Tegimus wrote :It is not the viewer which will be a problem. It is the sheer amount of data that needs to be stored for each match (think player positions, movement, action information etc. for each of the 22 players)
Depending on how your simulation engine works and your choice of data storage, you can implement a few tricks to minimize the load.
My favorite implementation is "scene by scene" storage. In that case, you don't store the entire match, but only important parts separated as "scenes". For example for my suggestion, you'd only need to store an array of 2: [attacking_side, Position].
In that case first picture: [0,11] .. meaning home team, LM Position.
2nd picture: [0,25] Home team, FR Position,
3rd picture: [1,23] Away team, FC Position.
For keeper, it would be [x,0]
I checked the match reports and there are max 40 cases you might need this. And that's it, the whole data you'd need, an extra 40*8=320 bytes per match to implement this example.

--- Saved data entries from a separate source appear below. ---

Lemma sum_ordered_pairs (n : nat) (w : {set 'I_n} -> nat) :
  \sum_(x : 'I_n) \sum_(y : 'I_n) ((x != y) * w [set x; y]) = 2 * weight w (Kn_edges n).
Proof.
have row x : \sum_(y : 'I_n) ((x != y) * w [set x; y]) =
    \sum_(e : {set 'I_n}) (((e \in Kn_edges n) && (x \in e)) * w e).
  transitivity (\sum_(y | y != x) w [set x; y]).
    rewrite [RHS]big_mkcond; apply: eq_bigr => y _.
    rewrite (eq_sym x y); case: (eqVneq y x) => [->|ne] /=; by rewrite ?mul1n ?mul0n.
  transitivity (\sum_(e | (e \in Kn_edges n) && (x \in e)) w e); last first.
    rewrite [LHS]big_mkcond; apply: eq_bigr => e _.
    by case: (_ && _); rewrite ?mul1n ?mul0n.
  rewrite (partition_big (fun y => [set x; y]) (fun e => (e \in Kn_edges n) && (x \in e))) /=.
    apply: eq_bigr => e /andP[]; rewrite inE => he xe.
    have [y0 [ne ->]] := edge_through he xe.
    rewrite (big_pred1 y0) //.
    move=> y /=; apply/idP/idP.
      case/andP=> yx /eqP e1.
      have : y \in [set x; y0] by rewrite -e1 !inE eqxx orbT.
      by rewrite !inE (negbTE yx).
    by move/eqP => ->; rewrite ne eqxx.
  by move=> y yx; rewrite !inE eqxx cards2 (eq_sym x y) yx.
rewrite (eq_bigr _ (fun x _ => row x)) exchange_big /=.
rewrite big_distrr /= [RHS]big_mkcond /=.
apply: eq_bigr => e _.
case: (boolP (e \in Kn_edges n)) => he /=; last by rewrite big1.
rewrite -big_distrl /=.
have -> : \sum_(x : 'I_n) (x \in e : nat) = #|e|.
  by rewrite -sum1_card [RHS]big_mkcond /=; apply: eq_bigr => x _; case: (x \in e).
by move: he; rewrite inE => /eqP ->.
Qed.

(* Every heavy ordered pair contributes its (positive) weight, so the heavy
   ordered pairs number at most 2 w(K_n). *)
Lemma heavy_pairs_le (n : nat) (w : {set 'I_n} -> nat) :
  heavy_pairs w <= 2 * weight w (Kn_edges n).
Proof.
rewrite /heavy_pairs -sum_ordered_pairs; apply: leq_sum => x _; apply: leq_sum => y _.
rewrite /heavy; case: (x != y) => //=.
by case: (eqVneq (w [set x; y]) 0) => //= w0; rewrite mul1n lt0n w0.
Qed.

Lemma maximum_light_matching (n : nat) (w : {set 'I_n} -> nat) :
  exists M, [/\ light_matching w M, n = #|~: cover M| + 2 * #|M| &
    exists t z, z + 2 * t = 2 * #|M| /\
      let u := #|~: cover M| in
      u * (u - 1) + 2 * (u * t) + t * (t - 1) + 2 * (z * (u - 1))
        <= 2 * weight w (Kn_edges n)].
Proof.
have empty : light_matching w set0.
  apply/andP; split; first by apply/forall_inP => e; rewrite inE.
  by apply/trivIsetP => A B; rewrite inE.
have [M lightM maxM] := arg_maxnP (fun M : {set {set 'I_n}} => #|M|) empty.
exists M; split => //; first exact: (card_uncovered lightM).
exists #|rich_mates w M|, #|poor w M|; split; first exact: (card_poor lightM maxM).
exact: leq_trans (heavy_pairs_lower_bound lightM maxM) (heavy_pairs_le w).
Qed.

Lemma heavy_count_cases (u t z v W : nat) : z + 2 * t = 2 * v ->
  u * (u - 1) + 2 * (u * t) + t * (t - 1) + 2 * (z * (u - 1)) <= 2 * W ->
  [\/ u <= 1, (u + v) * (u + v) <= 2 * W + (u + v)
    | [/\ 2 <= u, u <= v + 1 & u * (2 * v + 1) <= W + (2 * v + 1)]].
Proof.
move=> ztv count; have [u1|u2] := leqP u 1; first by constructor 1.
have [s vts] : exists s, v = t + s by exists (v - t); lia.
have zs : z = 2 * s by lia.
have [b ub] : exists b, u = b + 1 by exists (u - 1); lia.
subst v z u; rewrite addnK in count.
have t_sq : t * (t - 1) + t = t * t by case: t {ztv count} => //= t; rewrite subn1 /= mulnS addnC.
have [vu|uv] := leqP (t + s + 2) (b + 1).
  constructor 2; have [c bc] : exists c, b = t + s + c + 1 by exists (b - t - s - 1); lia.
  subst b; nia.
constructor 3; split; [lia | lia |].
have [tb|bt] := leqP t b.
  have [c bc] : exists c, b = t + c by exists (b - t); lia.
  subst b; nia.
have [c tc] : exists c, t = b + c + 1 by exists (t - b - 1); lia.
subst t; nia.
Qed.

Lemma double_bin2 (n : nat) : (2 * 'C(n, 2) = n * n.-1)%N.
Proof.
elim: n => [//|n IH]; rewrite binS bin1 mulnDr IH.
by case: n {IH} => [//|n] /=; lia.
Qed.

Local Open Scope ring_scope.

Lemma one_le_f_low (R : realFieldType) (n : nat) (d : R) : 0 <= d -> 1 <= f_low n d.
Proof.
move=> d0; have dn : 0 <= d * n%:R by rewrite mulr_ge0 ?ler0n.
rewrite /f_low; lra.
Qed.

Lemma one_le_f_high (R : realFieldType) (n : nat) (d : R) :
  9 / 25 <= d -> d <= 1 -> 1 <= f_high n d.
Proof.
move=> d_low d1; have N0 : 0 <= n%:R :> R by rewrite ler0n.
have sq : (1 - d) ^+ 2 <= 16 / 25.
  have : 0 <= (1 - d) * (16 / 25 - (1 - d)) by apply: mulr_ge0; lra.
  rewrite expr2; nra.
have : (1 - d) ^+ 2 * n%:R <= 16 / 25 * n%:R by apply: ler_wpM2r.
rewrite /f_high; nra.
Qed.

Lemma excess_le_f_low (R : realFieldType) (N m d : R) :
  0 <= d -> d <= 9 / 25 -> 1 <= N -> N / 2 <= m -> m * (m - 1) <= d * (N * (N - 1)) ->
  m - N / 2 <= 2^-1 * d * N - 8^-1 * d * N + 1.
Proof.
move=> d0 d1 N1 Nm mm.
set K := N / 2 + 3 / 8 * d * N + 1.
have KK : d * (N * (N - 1)) <= K * (K - 1).
  have h1 : 0 <= (4 / 9 - d) * (4 - d) by apply: mulr_ge0; lra.
  have h2 : 0 <= N * N * ((4 / 9 - d) * (4 - d)) by apply: mulr_ge0 => //; nra.
  rewrite /K; nra.
suff : m <= K by rewrite /K; lra.
rewrite leNgt; apply/negP => Km.
have dN : 0 <= d * N by apply: mulr_ge0; lra.
have : 0 < (m - K) * (m + K - 1) by apply: mulr_gt0; rewrite /K in Km *; lra.
nra.
Qed.

Lemma excess_le_f_high (R : realFieldType) (N m d : R) :
  9 / 25 <= d -> d <= 1 -> 1 <= N -> N / 2 <= m -> m * (m - 1) <= d * (N * (N - 1)) ->
  m - N / 2 <= 2^-1 * d * N - 8^-1 * (1 - d) ^+ 2 * N + 1.
Proof.
move=> d0 d1 N1 Nm mm.
move eq_e : (1 - d) => e.
have de : d = 1 - e by rewrite -eq_e; ring.
subst d.
have e0 : 0 <= e by lra.
have e1 : e <= 16 / 25 by lra.
move eq_c : (1 - e / 2 - e ^+ 2 / 8) => c.
have c0 : 0 < c by rewrite -eq_c; nra.
have key : (1 - e) * (N * (N - 1)) <= (N * c + 1) * (N * c).
  have h1 : 0 <= N * N * (e ^+ 3 / 8 + e ^+ 4 / 64).
    apply: mulr_ge0; first nra.
    by apply: addr_ge0; apply: mulr_ge0 => //; try apply: exprn_ge0; lra.
  have c2 : c ^+ 2 = 1 - e + e ^+ 3 / 8 + e ^+ 4 / 64 by rewrite -eq_c; field.
  have expand : (N * c + 1) * (N * c) - (1 - e) * (N * (N - 1))
      = N * N * (e ^+ 3 / 8 + e ^+ 4 / 64) + N * (c + (1 - e)).
    have -> : (N * c + 1) * (N * c) = N * N * c ^+ 2 + N * c by ring.
    by rewrite c2; ring.
  have : 0 <= N * (c + (1 - e)) by apply: mulr_ge0; lra.
  lra.
suff : m <= N * c + 1 by rewrite -eq_c; lra.
rewrite leNgt; apply/negP => Km.
have cN : 0 <= N * c by apply: mulr_ge0; lra.
have : 0 < (m - (N * c + 1)) * (m + (N * c + 1) - 1) by apply: mulr_gt0; lra.
nra.
Qed.

Lemma half_le_f_low (R : realFieldType) (N u d : R) :
  0 <= d -> 2 <= u -> 3 * u - 2 <= N -> 2 * (u - 1) * (N - u + 1) <= d * (N * (N - 1)) ->
  u / 2 <= 2^-1 * d * N - 8^-1 * d * N + 1.
Proof.
move=> d0 u2 uN heavy.
have h1 : 0 <= (u - 1) * (N - 3 * u + 2) by apply: mulr_ge0; lra.
have N1 : 0 < N - 1 by lra.
have key : 0 <= (3 / 8 * (d * N) + 1 - u / 2) * (N - 1).
  have -> : (3 / 8 * (d * N) + 1 - u / 2) * (N - 1)
    = 3 / 8 * (d * (N * (N - 1))) + (1 - u / 2) * (N - 1) by ring.
  nra.
have : 0 <= 3 / 8 * (d * N) + 1 - u / 2 by rewrite -(pmulr_lge0 _ N1).
lra.
Qed.

Lemma half_le_f_high (R : realFieldType) (N u d : R) :
  9 / 25 <= d -> d <= 1 -> 2 <= u -> 3 * u - 2 <= N ->
  2 * (u - 1) * (N - u + 1) <= d * (N * (N - 1)) ->
  u / 2 <= 2^-1 * d * N - 8^-1 * (1 - d) ^+ 2 * N + 1.
Proof.
move=> d0 d1 u2 uN heavy.
have N4 : 4 <= N by lra.
have sq : (1 - d) ^+ 2 * N <= 16 / 25 * (1 - d) * N.
  have : 0 <= (16 / 25 - (1 - d)) * ((1 - d) * N) by apply: mulr_ge0; nra.
  by rewrite expr2; nra.
suff : u / 2 <= 29 / 50 * (d * N) - 2 / 25 * N + 1 by nra.
have dN : 9 / 25 * N <= d * N by nra.
have [small|large] := lerP u (161 / 625 * N + 2); first lra.
have N1 : 0 < N - 1 by lra.
have mid : 0 <= (u - (161 / 625 * N + 2)) * ((N + 2) / 3 - u) by apply: mulr_ge0; lra.
have key : 0 <= (29 / 50 * (d * N) - 2 / 25 * N + 1 - u / 2) * (N - 1).
  have -> : (29 / 50 * (d * N) - 2 / 25 * N + 1 - u / 2) * (N - 1)
    = 29 / 50 * (d * (N * (N - 1))) - (2 / 25 * N - 1 + u / 2) * (N - 1) by ring.
  nra.
have : 0 <= 29 / 50 * (d * N) - 2 / 25 * N + 1 - u / 2 by rewrite -(pmulr_lge0 _ N1).
lra.
Qed.

Lemma half_uncovered_le_f (R : realFieldType) (n u v W : nat) (d : R) :
  (1 <= n)%N -> n = (u + 2 * v)%N -> W%:R = d * ('C(n, 2))%:R -> 0 <= d <= 1 ->
  [\/ (u <= 1)%N, ((u + v) * (u + v) <= 2 * W + (u + v))%N
    | [/\ (2 <= u)%N, (u <= v + 1)%N & (u * (2 * v + 1) <= W + (2 * v + 1))%N]] ->
  (d <= 9 / 25 -> u%:R / 2 <= f_low n d) /\ (9 / 25 <= d -> u%:R / 2 <= f_high n d).
Proof.
move=> n1 nuv Wd /andP[d0 d1] cases.
have N1 : 1 <= n%:R :> R by rewrite ler1n.
have Nuv : n%:R = u%:R + 2 * v%:R :> R by rewrite nuv natrD natrM.
have twoW : 2 * W%:R = d * (n%:R * (n%:R - 1)) :> R.
  by rewrite Wd mulrCA -(natrM R 2) double_bin2 natrM -subn1 natrB.
have U0 : 0 <= u%:R :> R by rewrite ler0n.
have V0 : 0 <= v%:R :> R by rewrite ler0n.
case: cases => [u1|dense|[u2 uv sparse]].
- have u_half : u%:R / 2 <= 1 :> R by move: u1; rewrite -(ler_nat R) => ?; lra.
  split => dbound; apply: le_trans u_half _.
    exact: one_le_f_low.
  exact: one_le_f_high.
- have m_def : u%:R / 2 = (u%:R + v%:R) - n%:R / 2 :> R by rewrite Nuv; field.
  have mm : (u%:R + v%:R) * ((u%:R + v%:R) - 1) <= d * (n%:R * (n%:R - 1)) :> R.
    move: dense; rewrite -(ler_nat R) !natrM !natrD -twoW => ?; nra.
  have Nm : n%:R / 2 <= u%:R + v%:R :> R by rewrite Nuv; lra.
  rewrite m_def; split => dbound.
    exact: excess_le_f_low.
  exact: excess_le_f_high.
- have U2 : 2 <= u%:R :> R by rewrite (ler_nat R 2).
  have uN : 3 * u%:R - 2 <= n%:R :> R.
    by move: uv; rewrite -(ler_nat R) natrD => ?; lra.
  have heavy : 2 * (u%:R - 1) * (n%:R - u%:R + 1) <= d * (n%:R * (n%:R - 1)) :> R.
    move: sparse; rewrite -(ler_nat R) !natrM !natrD -twoW Nuv => ?; nra.
  split => dbound.
    exact: half_le_f_low.
  exact: half_le_f_high.
Qed.

Theorem proposition5p2 (R : realFieldType) (n : nat) (w : {set 'I_n} -> nat) (d : R) :
  (1 <= n)%N ->
  zero_one_instance w ->
  (weight w (Kn_edges n))%:R = d * ('C(n, 2))%:R ->
  0 <= d <= 1 ->
  (n%:R)^-1 <= d -> d <= 1 - 4 * (n%:R)^-1 ->
  (d <= 9 / 25 ->
     exists M, optimal_matching M /\ (weight w M)%:R <= f_low n d) /\
  (9 / 25 <= d ->
     exists M, optimal_matching M /\ (weight w M)%:R <= f_high n d).
Proof.
move=> n1 w01 density d01 _ _.
have [M [lightM n_eq [t [z [ztv count]]]]] := maximum_light_matching w.
have [M' [optM' weightM']] := complete_light_matching lightM w01.
have [low high] := half_uncovered_le_f n1 n_eq density d01 (heavy_count_cases ztv count).
have small : (weight w M')%:R <= #|~: cover M|%:R / 2 :> R.
  by move: weightM'; rewrite -(ler_nat R) natrM => ?; lra.
split => dbound; exists M'; split => //; apply: le_trans small _.
  exact: low.
exact: high.
Qed.
(* Let $\tau\in\mathbb{C}$. The functional $I_{\overline{\mathcal{T}}}:\phi\mapsto\beta_{f_\phi}(\tau)$ is continuous on $\overline{\mathcal{T}}$ (closure taken in the Banach space $E_1$).
   Context: $\Delta$ is the unit disk. $E_1$ is the Banach space of analytic $\phi$ on $\Delta$ with $\|\phi\|_{E_1}=\sup_{z\in\Delta}|\phi(z)|(1-|z|^2)<\infty$. For locally univalent $f$, $N_f=f''/f'$. $\mathcal{S}_q$ is the class of bounded univalent $f$ on $\Delta$ with $f(0)=0,f'(0)=1$ admitting a quasiconformal extension to $\widehat{\mathbb{C}}$. $\mathcal{T}=\{N_f:f\in\mathcal{S}_q\}\subset E_1$ and $\overline{\mathcal{T}}$ is its closure in $E_1$. For $\phi\in\overline{\mathcal{T}}$, $f_\phi(z)=\int_0^z\exp\left(\int_0^\zeta\phi(w)dw\right)d\zeta$; this is univalent in $\Delta$ with $f_\phi(0)=0,f_\phi'(0)=1$ and $N_{f_\phi}=\phi$. For such $f$ and $\tau\in\mathbb{C}$, $[f'(z)]^\tau=\exp(\tau\log f'(z))$ with $\log f'(0)=0$, and $\beta_f(\tau)=\limsup_{r\to1^-}\frac{\log\int_{-\pi}^{\pi}|[f'(re^{i\theta})]^\tau|d\theta}{|\log(1-r)|}$. *)

From Stdlib Require Import Reals.
From Coquelicot Require Import Coquelicot.
Open Scope R_scope.

Definition Disk (z : C) : Prop := Cmod z < 1.

Definition cexp (z : C) : C :=
  (exp (fst z) * cos (snd z), exp (fst z) * sin (snd z)).

Definition polar (r th : R) : C := (r * cos th, r * sin th).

You also store 3 images: Field, Home arrow, and Away arrow.
Then client HTML takes care of positioning.
For more complicated viewings, I'd suggest using cases. For example, I've noticed that there are about 15 different attacks in this game. Again, you don't store the actual action but only the type of that attack as an array
action_Array(ID1, ID2, ID3, ID4, D1, D2, K1, typeID)
Where ID1-4 are the IDs of attacking players, D1-D2 defending players, K1 is the keeper and typeID is the type of attack (Winger crosses, freekick, cornerkick_farpost etc) and the client HTML uses this data to display the scene by pre-recorded animation engine.
Obviously, despite the huge data storage and speed efficiency advantage, this can get a little repetitive over time.